The switch was significant: Now the university was paying hundreds of thousands of dollars a year for a product that didn’t have to be transparent about what it did with the information and data it was mining from its users. Such systems are constantly recording users’ interactions with it—how long it takes a student to complete an assignment, for example, or her deleted words and keystrokes, and users’ IP addresses.

But students and professors rely on this technology. Private learning management systems (LMS)—the online portals students use to refer to everything from their syllabus to their assignments, grades, even course schedules—have become increasingly compulsory, especially in higher education. And they have long been a subject of suspicion for experts on privacy and others wary of relying too heavily and uncritically on tools that could potentially mine users’ data. “Students often provide the raw material by which ed tech is developed, improved, and instituted,” writes Chris Gilliard, a digital privacy scholar, for The Chronicle of Higher Education. “But their agency is for the most part not an issue.”

According to instructors, before the pandemic necessitated remote online learning, these technologies provided little benefit to education beyond archiving class materials.
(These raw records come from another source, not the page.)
Lemma prefix_count_incr i : p <= i <= n ->
  #|I (shift t i) :&: P| <= #|I t :&: P|.
Proof.
move=> /andP[hpi hin]; rewrite -(subKn hin).
elim: (n - i) (leq_sub2l n hpi) => [|d IH] hd; first by rewrite subn0 shift_n.
apply: leq_trans (IH (ltnW hd)); rewrite (_ : n - d = (n - d.+1).+1); last by lia.
rewrite /shift /= -/(shift t (n - d.+1)).
by apply: necklace_step_out; rewrite inE rank_shift modn_small -?leqNgt; lia.
Qed.

Lemma prefix_count_le (s : E) : #|I s :&: P| <= #|I t :&: P|.
Proof.
rewrite -(shift_rank t s); have hs := rank_lt t s.
case: (leqP (cyc_rank t s) p) => hsp; first exact: (@prefix_count_decr 0).
by apply: prefix_count_incr; rewrite (ltnW hsp) (ltnW hs).
Qed.

End PrefixCounts.

Section Exchange.
Variables (a j m : E).
Hypotheses (hjj : j \in I j) (hja : j \notin I a) (hma : m \in I a) (hmj : m \notin I j).
Hypothesis hmax : forall y, y \in I a -> y \notin I j -> cyc_rank a y <= cyc_rank a m.

Lemma exit_before_j : cyc_rank a m < cyc_rank a j.
Proof.
rewrite ltnNge; apply: contra hmj => h.
by have := necklace_persist hma h; rewrite shift_rank.
Qed.

Lemma j_a_m_order (t : E) : cyc_rank t j < cyc_rank t m ->
  cyc_rank t j < cyc_rank t a <= cyc_rank t m.
Proof.
have := exit_before_j; rewrite !(rank_rebase t a).
have := rank_lt t j; have := rank_lt t m; have := rank_lt t a.
by case: ifP; case: ifP; lia.
Qed.

Section Prefix.
Variables (t : E) (p : nat).
Hypothesis hp : p <= n.
Hypotheses (jP : cyc_rank t j < p) (mP : p <= cyc_rank t m).
Local Notation P := (cyc_prefix t p).

(* If a lies outside P_t(p), every element of I_a in P_t(p) comes <=_a after m,
   hence lies in I_j; j itself is a further element of I_j in P_t(p). *)
Lemma prefix_count_far : p <= cyc_rank t a -> #|I a :&: P| < #|I t :&: P|.
Proof.
move=> hpa; apply: leq_trans _ (prefix_count_le t hp j).
apply/proper_card/properP; split; last by exists j; rewrite !inE ?hjj ?jP ?(negbTE hja).
apply/subsetP => y; rewrite !inE => /andP[hya hyP]; rewrite hyP andbT.
apply/negPn/negP => /(hmax hya); apply/negP; rewrite -ltnNge !(rank_rebase t a).
have := j_a_m_order (leq_trans jP mP); have := rank_lt t m.
by case: ifP; case: ifP; lia.
Qed.

(* If a lies inside P_t(p), then m \notin I_t (it would persist up to j), so m
   enters the necklace at some step s \in P_t(p) before a, where the count drops. *)
Lemma prefix_count_near : cyc_rank t a < p -> #|I a :&: P| < #|I t :&: P|.
Proof.
move=> hap.
have hmt : m \notin I t.
  apply: contra hmj => hmt.
  by have := necklace_persist hmt (ltnW (leq_trans jP mP)); rewrite shift_rank.
have hma' : m \in I (shift t (cyc_rank t a)) by rewrite shift_rank.
have [i hia /andP[hi1 hi2]] := necklace_first_entry hmt hma'.
have hiP : shift t i \in P by apply/shift_in_prefix; rewrite hp andbT (ltn_trans hia).
have hmP : m \notin P by rewrite inE -leqNgt.
have hdrop := necklace_step_enter hiP hi1 hi2 hmP.
rewrite -(shift_rank t a); apply: leq_ltn_trans (prefix_count_decr t hp hia (ltnW hap)) _.
exact: leq_trans hdrop (prefix_count_le t hp _).
Qed.

End Prefix.

Lemma prefix_count_exchange (t : E) p : p <= n ->
  #|((I a :\ m) :|: [set j]) :&: cyc_prefix t p| <= #|I t :&: cyc_prefix t p|.
Proof.
move=> hp; have hIa := prefix_count_le t hp a.
set P := cyc_prefix t p in hIa *.
have hex := card_exchange P j hma.
case: (boolP (j \in P)) => jP; last by move: hex; rewrite (negbTE jP); lia.
case: (boolP (m \in P)) => mP; first by move: hex; rewrite jP mP; lia.
have hlt : #|I a :&: P| < #|I t :&: P|.
  move: jP mP; rewrite !inE -leqNgt => jP mP.
  by case: (leqP p (cyc_rank t a)); [apply: prefix_count_far | apply: prefix_count_near].
by move: hex; rewrite jP (negbTE mP); lia.
Qed.

End Exchange.
End Necklace.

Theorem mainTheorem1 (n k : nat) (I : 'I_n -> {set 'I_n}) (M : {set {set 'I_n}})
  (hI : grassmann_necklace I) (hIk : forall t, #|I t| = k)
  (hM : M = positroid_of k I)
  (j : 'I_n) (hj : neck_perm I j != j) :
  forall a : 'I_n, j \notin I a ->
    (I a :\: I j != set0) /\
    ((I a :\ cyc_max a (I a :\: I j)) :|: [set j])
      \in [set H in M | j \in H].
Proof.
move=> a hja.
have hjj : j \in I j.
  move: hj; rewrite /neck_perm; case: pickP => [x /andP[/andP[_ jIj] _]|] //=.
  by rewrite eqxx.
have hD : I a :\: I j != set0.
  apply: contraNneq hja => /eqP; rewrite setD_eq0 => hsub.
  by have /eqP -> : I a == I j by rewrite eqEcard hsub !hIk leqnn.
split=> //.
have [hmD hmax] := cyc_max_spec a hD.
set m := cyc_max a (I a :\: I j) in hmD hmax *.
move: hmD; rewrite in_setD => /andP[hmj hma].
have hcard : #|(I a :\ m) :|: [set j]| = k.
  rewrite setUC cardsU1 in_setD1 (negbTE hja) andbF add1n.
  by rewrite -(hIk a) (cardsD1 m (I a)) hma.
rewrite inE hM !inE eqxx orbT andbT hcard eqxx /=.
apply/forallP => t; apply: gale_of_prefix_counts; first by rewrite hcard hIk.
move=> q hq; apply: prefix_count_exchange => // y hy hyj.
by apply: hmax; rewrite in_setD hy hyj.
Qed.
Rather, they tended to inherently make a reliable Internet connection the only way to participate, reinforcing structural inequities. Still, educators have felt an unspoken pressure to adopt these systems. “I was mildly concerned that not using the LMS would get me into some kind of vague ‘trouble’ with administrators,” a Rutgers professor, who wishes to remain anonymous, said. “What ‘trouble’ that would be was never clear. It was a vague sense of dread/concern, but I did certainly feel that I was doing something that could be positioned as a ‘problem.’”

Contracts with ed tech vendors are often negotiated by university administrators and executives without faculty, student, or parent involvement. Given the lack of administrative transparency around this issue, it may be, as researcher Kyle Jones suggests, that “institutions are withholding information about [e-learning vendors’] data practices to keep student privacy concerns at bay, concerns that could potentially derail beneficial contracts with vendors.” Without transparency and accountability, it’s impossible to know.

As professors of library and information science and researchers on data justice and education technology, and as active members of the Rutgers branch of the American Association of University Professors–American Federation of Teachers, we wanted to provide answers to the questions our colleagues had. We felt it was important to penetrate the obfuscating ambiguity we see so often in private learning management systems, focusing on our own institution, Rutgers University, as a case study. But these systems are used by universities across the country—about 3,482 institutions as of fall 2020, according to EduTechnics. What we found, through records requests using the New Jersey Open Public Records Act, was that Rutgers pays high prices to ed tech companies, allowing them almost unfettered access to student and instructor data and metadata, while doing nothing to ensure that even paltry privacy terms are upheld.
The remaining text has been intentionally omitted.